Aim of the task
Please tally the lines in the records that include the word "covers" and answer with the bare number.

[Stored data entries]
+ + + + +

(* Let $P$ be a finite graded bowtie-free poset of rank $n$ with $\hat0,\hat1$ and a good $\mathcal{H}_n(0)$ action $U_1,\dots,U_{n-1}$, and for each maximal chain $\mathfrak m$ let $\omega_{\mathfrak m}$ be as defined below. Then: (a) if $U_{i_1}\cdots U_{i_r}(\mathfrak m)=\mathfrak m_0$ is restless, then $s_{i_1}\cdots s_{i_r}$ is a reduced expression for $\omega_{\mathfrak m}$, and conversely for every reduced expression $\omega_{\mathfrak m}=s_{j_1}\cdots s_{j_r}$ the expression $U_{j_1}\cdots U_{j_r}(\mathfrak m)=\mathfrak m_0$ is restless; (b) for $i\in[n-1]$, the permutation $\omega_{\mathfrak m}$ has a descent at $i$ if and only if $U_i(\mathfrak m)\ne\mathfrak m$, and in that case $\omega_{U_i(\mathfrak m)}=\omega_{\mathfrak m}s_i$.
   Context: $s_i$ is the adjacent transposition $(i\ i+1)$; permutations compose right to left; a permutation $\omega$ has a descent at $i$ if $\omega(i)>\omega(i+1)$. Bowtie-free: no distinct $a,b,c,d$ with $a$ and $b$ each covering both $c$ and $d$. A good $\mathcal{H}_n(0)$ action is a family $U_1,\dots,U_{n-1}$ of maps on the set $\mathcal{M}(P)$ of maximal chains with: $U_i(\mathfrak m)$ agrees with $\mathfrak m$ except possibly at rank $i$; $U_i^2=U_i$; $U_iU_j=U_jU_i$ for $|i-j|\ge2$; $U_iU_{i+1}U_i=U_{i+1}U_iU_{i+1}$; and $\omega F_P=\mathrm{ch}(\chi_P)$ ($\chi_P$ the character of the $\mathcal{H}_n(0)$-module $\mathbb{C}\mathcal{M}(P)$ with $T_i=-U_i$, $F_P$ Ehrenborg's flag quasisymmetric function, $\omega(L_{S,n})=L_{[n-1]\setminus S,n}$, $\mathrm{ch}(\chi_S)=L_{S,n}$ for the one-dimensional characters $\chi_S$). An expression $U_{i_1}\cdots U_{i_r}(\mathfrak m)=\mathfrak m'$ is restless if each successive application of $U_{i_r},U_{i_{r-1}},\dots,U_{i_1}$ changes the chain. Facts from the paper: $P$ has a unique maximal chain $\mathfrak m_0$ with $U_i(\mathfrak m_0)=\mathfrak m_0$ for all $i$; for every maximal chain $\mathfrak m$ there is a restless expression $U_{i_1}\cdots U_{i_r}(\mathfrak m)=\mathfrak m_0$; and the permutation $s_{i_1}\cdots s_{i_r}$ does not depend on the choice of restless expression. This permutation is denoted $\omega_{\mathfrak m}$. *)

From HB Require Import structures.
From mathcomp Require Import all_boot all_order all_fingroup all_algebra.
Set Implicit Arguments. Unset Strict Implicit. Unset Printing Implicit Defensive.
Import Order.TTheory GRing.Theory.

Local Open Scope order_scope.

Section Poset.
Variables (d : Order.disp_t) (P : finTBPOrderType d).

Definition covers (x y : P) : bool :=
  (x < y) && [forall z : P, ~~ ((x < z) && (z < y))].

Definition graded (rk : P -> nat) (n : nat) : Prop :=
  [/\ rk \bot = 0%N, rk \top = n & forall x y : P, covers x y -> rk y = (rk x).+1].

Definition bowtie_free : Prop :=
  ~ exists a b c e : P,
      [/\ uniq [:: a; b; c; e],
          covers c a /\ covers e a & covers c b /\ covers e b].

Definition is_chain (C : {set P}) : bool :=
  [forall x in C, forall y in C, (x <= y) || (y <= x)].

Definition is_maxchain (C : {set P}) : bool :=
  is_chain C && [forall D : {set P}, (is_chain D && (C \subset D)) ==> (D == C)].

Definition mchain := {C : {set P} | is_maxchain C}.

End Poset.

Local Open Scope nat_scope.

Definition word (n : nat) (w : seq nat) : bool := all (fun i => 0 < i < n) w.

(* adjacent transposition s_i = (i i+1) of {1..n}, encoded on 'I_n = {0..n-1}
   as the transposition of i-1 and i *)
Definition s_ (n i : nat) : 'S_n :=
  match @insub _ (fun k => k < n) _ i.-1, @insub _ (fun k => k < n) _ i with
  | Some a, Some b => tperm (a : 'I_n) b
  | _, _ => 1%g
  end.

+ + + + +

Answer to the problem
3